- What you should do: Go through the lines below and count those that contain "RowIns"; the number is all that should be returned.

*** Opening of Dataset records ***

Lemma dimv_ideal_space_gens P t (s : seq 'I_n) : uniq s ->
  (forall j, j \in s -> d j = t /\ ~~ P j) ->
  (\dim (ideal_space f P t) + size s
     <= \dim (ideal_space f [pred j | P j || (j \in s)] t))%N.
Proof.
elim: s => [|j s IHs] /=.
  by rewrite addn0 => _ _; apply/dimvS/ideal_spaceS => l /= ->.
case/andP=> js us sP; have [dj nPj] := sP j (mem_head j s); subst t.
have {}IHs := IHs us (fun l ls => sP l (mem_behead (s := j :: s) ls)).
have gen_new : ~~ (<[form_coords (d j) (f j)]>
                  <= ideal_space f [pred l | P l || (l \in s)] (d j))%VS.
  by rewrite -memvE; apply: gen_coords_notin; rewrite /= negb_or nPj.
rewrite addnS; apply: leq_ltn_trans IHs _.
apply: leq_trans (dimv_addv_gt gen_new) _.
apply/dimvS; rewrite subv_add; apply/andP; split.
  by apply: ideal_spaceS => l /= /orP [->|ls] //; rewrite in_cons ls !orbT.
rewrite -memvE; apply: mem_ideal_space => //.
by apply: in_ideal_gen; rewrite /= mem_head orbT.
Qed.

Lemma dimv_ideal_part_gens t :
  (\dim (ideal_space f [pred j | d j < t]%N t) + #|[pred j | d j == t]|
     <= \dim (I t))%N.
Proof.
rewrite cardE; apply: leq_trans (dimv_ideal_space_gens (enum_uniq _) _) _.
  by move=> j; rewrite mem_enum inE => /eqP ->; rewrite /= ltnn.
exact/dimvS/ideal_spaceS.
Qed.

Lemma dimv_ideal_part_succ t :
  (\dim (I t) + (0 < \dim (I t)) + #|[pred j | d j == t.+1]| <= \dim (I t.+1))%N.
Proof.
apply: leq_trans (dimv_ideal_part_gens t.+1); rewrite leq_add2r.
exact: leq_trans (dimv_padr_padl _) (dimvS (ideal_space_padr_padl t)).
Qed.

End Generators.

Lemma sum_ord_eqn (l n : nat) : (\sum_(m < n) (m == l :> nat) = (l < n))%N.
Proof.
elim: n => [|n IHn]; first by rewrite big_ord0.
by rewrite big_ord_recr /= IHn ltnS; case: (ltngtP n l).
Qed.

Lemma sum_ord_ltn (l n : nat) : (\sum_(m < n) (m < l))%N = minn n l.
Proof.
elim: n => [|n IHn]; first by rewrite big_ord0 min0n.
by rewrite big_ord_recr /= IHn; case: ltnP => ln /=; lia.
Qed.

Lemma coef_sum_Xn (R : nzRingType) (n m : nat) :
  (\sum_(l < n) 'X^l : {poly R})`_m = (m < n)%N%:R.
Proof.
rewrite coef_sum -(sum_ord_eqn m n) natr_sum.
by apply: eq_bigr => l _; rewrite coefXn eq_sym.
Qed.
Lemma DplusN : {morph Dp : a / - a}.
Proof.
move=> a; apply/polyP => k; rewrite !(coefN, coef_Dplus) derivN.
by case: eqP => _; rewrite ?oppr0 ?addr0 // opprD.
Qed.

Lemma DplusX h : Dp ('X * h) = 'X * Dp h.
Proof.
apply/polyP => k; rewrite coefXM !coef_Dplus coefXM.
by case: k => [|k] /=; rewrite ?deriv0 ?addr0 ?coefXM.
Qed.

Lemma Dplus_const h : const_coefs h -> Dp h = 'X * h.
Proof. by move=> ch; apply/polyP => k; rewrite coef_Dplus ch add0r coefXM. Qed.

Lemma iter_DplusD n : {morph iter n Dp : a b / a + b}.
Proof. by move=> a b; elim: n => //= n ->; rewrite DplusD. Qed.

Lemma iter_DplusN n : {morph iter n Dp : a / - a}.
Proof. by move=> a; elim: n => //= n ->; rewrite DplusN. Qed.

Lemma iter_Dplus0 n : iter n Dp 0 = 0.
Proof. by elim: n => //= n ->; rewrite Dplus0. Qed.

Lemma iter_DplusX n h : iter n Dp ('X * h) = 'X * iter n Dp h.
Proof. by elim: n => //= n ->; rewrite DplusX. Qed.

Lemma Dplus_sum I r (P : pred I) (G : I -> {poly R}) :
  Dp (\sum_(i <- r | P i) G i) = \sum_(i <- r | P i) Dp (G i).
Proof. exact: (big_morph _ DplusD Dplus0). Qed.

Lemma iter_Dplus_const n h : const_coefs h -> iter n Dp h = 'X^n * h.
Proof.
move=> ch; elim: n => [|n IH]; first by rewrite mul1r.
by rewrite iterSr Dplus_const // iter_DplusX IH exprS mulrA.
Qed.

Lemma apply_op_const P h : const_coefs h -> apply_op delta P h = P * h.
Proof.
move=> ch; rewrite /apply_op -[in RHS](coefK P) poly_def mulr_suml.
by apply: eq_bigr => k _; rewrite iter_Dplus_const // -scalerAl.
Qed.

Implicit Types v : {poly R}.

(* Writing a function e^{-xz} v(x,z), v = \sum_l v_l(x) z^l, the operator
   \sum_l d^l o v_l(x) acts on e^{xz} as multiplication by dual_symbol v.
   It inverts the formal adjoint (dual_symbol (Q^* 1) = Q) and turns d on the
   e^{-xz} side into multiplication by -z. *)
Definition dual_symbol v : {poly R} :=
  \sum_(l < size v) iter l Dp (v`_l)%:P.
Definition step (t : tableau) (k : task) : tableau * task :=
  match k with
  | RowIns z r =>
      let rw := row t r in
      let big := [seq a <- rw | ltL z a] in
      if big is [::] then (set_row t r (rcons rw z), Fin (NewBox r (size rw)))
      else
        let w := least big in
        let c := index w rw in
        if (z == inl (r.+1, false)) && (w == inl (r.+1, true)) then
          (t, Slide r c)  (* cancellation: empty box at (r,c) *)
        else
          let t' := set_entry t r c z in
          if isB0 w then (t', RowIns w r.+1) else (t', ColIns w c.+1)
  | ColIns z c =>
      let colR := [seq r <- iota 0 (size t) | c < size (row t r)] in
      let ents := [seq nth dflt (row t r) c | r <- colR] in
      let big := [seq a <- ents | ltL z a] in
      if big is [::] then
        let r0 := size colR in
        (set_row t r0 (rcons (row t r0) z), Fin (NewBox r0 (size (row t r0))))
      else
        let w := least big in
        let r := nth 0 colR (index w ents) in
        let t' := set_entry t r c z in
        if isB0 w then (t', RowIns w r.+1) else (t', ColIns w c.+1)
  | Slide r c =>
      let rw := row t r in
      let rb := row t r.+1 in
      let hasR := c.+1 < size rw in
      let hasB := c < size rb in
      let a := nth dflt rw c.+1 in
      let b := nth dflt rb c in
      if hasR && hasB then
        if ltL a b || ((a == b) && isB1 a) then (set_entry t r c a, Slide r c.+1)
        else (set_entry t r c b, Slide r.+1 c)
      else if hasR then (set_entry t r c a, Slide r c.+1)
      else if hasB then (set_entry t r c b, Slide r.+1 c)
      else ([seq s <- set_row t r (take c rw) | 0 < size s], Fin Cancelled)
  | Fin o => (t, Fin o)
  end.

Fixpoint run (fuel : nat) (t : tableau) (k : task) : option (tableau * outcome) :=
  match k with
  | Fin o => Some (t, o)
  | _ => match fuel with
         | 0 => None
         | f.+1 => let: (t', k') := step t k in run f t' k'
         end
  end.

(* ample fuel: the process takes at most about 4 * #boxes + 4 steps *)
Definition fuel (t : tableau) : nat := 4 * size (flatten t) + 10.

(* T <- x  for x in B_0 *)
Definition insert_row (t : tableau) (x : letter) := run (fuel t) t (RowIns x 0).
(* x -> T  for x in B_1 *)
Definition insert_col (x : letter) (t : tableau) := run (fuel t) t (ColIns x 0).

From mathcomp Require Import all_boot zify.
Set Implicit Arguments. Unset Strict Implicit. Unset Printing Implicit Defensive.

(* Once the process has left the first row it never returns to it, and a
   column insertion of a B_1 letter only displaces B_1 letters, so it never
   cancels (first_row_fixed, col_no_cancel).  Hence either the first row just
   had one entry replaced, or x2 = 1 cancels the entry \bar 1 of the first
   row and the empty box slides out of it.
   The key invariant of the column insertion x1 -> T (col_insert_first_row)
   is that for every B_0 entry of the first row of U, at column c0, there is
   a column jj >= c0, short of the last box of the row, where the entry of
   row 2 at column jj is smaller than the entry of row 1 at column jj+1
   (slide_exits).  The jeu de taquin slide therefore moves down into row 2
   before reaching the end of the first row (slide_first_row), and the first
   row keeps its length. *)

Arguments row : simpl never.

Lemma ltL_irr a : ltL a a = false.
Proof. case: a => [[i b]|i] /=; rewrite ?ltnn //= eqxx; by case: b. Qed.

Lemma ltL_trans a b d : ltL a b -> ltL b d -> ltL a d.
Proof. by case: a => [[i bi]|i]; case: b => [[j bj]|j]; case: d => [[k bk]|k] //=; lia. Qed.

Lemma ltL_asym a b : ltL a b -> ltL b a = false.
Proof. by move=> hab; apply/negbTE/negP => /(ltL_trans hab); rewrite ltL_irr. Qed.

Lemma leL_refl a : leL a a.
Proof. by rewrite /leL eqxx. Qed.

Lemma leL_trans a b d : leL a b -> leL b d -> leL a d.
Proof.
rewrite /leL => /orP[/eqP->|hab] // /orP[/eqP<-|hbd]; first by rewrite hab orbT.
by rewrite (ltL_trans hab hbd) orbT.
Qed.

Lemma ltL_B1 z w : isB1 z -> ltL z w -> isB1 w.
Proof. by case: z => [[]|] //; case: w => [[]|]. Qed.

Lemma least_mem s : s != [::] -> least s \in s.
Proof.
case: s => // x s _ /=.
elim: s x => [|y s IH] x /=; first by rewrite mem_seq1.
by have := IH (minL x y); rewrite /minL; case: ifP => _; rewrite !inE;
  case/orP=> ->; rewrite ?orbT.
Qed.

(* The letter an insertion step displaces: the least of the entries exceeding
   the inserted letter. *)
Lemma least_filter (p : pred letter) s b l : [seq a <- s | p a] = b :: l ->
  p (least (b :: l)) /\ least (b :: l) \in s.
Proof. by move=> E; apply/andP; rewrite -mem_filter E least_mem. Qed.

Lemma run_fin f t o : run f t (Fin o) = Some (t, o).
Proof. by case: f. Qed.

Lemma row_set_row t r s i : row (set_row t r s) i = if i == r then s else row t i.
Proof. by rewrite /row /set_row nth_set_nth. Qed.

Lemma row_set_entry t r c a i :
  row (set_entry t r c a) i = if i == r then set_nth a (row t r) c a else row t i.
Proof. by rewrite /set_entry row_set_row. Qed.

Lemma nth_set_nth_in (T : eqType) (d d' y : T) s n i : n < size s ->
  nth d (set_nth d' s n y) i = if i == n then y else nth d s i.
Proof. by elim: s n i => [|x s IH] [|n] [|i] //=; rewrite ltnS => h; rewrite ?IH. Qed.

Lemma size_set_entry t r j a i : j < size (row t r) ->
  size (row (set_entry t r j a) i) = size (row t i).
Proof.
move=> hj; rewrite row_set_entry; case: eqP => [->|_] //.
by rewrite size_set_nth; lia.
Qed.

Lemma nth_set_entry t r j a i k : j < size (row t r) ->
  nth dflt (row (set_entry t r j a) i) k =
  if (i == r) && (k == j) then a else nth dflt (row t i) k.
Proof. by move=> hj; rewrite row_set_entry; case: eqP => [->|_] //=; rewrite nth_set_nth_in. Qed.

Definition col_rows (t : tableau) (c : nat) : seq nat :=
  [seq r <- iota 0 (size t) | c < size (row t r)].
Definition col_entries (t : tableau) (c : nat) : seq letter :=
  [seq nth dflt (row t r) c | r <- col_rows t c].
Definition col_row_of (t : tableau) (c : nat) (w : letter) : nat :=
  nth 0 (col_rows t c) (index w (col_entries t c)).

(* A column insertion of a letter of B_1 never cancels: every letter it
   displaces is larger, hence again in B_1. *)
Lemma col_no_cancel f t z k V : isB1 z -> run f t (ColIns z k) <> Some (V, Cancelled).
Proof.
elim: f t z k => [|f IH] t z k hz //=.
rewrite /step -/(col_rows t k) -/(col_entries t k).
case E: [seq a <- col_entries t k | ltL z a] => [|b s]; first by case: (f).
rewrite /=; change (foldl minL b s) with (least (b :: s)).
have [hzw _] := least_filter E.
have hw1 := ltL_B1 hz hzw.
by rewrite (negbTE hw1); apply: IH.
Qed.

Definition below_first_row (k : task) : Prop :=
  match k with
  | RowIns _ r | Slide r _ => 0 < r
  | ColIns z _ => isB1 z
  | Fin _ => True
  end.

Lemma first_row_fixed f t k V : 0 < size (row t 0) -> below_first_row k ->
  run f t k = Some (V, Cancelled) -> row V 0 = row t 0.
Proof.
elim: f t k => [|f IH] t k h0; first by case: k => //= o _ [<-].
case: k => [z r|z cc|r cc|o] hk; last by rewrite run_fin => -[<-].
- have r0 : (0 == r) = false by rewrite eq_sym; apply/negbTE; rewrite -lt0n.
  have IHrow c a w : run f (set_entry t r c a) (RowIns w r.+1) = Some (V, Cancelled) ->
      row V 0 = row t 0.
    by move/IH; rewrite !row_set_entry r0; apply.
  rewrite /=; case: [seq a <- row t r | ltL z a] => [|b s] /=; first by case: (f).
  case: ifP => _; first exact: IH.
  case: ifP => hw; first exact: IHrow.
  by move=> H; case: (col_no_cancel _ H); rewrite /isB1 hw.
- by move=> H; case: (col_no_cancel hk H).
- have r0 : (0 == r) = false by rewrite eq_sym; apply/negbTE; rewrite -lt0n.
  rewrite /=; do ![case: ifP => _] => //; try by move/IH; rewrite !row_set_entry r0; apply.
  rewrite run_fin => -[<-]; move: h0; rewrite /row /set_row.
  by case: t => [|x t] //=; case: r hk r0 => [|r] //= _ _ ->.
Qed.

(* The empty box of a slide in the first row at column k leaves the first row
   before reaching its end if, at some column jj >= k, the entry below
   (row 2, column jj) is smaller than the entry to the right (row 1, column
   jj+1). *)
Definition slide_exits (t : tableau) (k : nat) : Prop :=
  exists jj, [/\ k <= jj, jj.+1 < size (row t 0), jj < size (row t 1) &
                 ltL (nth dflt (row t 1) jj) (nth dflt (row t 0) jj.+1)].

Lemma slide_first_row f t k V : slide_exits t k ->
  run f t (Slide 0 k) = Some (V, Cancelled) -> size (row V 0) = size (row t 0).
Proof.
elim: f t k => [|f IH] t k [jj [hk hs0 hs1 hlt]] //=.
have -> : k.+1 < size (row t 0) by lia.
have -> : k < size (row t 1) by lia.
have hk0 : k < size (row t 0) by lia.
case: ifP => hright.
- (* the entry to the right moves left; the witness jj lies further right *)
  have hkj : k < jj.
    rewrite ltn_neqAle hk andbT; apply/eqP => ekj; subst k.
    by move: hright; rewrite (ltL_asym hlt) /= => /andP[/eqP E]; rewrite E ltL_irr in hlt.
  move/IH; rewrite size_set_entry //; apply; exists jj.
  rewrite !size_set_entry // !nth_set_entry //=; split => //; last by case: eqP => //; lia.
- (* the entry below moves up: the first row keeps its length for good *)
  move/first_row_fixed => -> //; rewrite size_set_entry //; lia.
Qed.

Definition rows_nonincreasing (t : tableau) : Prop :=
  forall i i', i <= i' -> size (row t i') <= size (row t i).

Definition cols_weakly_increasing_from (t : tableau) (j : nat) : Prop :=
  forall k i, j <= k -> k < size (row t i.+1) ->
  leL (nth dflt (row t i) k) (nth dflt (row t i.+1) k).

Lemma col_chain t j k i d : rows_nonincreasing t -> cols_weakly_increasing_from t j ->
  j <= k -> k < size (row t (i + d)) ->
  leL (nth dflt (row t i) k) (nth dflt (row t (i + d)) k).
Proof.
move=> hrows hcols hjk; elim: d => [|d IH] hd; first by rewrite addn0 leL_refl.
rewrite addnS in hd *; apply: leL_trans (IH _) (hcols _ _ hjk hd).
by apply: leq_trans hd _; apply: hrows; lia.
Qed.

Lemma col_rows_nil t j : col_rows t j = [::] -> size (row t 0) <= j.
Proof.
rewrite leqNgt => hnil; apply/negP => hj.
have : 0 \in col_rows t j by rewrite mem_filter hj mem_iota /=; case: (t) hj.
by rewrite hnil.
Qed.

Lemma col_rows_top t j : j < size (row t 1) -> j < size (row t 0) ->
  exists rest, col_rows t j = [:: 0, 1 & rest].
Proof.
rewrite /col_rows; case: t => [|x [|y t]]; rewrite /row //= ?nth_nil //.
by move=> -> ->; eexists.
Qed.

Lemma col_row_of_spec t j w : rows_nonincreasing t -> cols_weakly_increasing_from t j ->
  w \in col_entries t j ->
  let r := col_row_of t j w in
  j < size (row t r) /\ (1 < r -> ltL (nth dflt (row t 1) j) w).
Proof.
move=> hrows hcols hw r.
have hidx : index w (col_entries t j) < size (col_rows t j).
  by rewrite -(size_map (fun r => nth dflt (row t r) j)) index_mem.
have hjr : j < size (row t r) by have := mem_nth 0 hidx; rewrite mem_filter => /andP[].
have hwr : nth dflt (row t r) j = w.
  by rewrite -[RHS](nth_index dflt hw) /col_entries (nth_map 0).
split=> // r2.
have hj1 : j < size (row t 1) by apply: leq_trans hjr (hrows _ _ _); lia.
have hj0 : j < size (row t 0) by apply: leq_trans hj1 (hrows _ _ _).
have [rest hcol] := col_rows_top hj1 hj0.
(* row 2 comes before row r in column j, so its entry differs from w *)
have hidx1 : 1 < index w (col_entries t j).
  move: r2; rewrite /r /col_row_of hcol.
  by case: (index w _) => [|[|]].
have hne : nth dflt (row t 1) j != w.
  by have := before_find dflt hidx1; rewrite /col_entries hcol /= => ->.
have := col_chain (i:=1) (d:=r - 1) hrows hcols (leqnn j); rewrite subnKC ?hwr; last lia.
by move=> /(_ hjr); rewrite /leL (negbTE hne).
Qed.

*** Close of Dataset records ***

- Answer to this problem: 6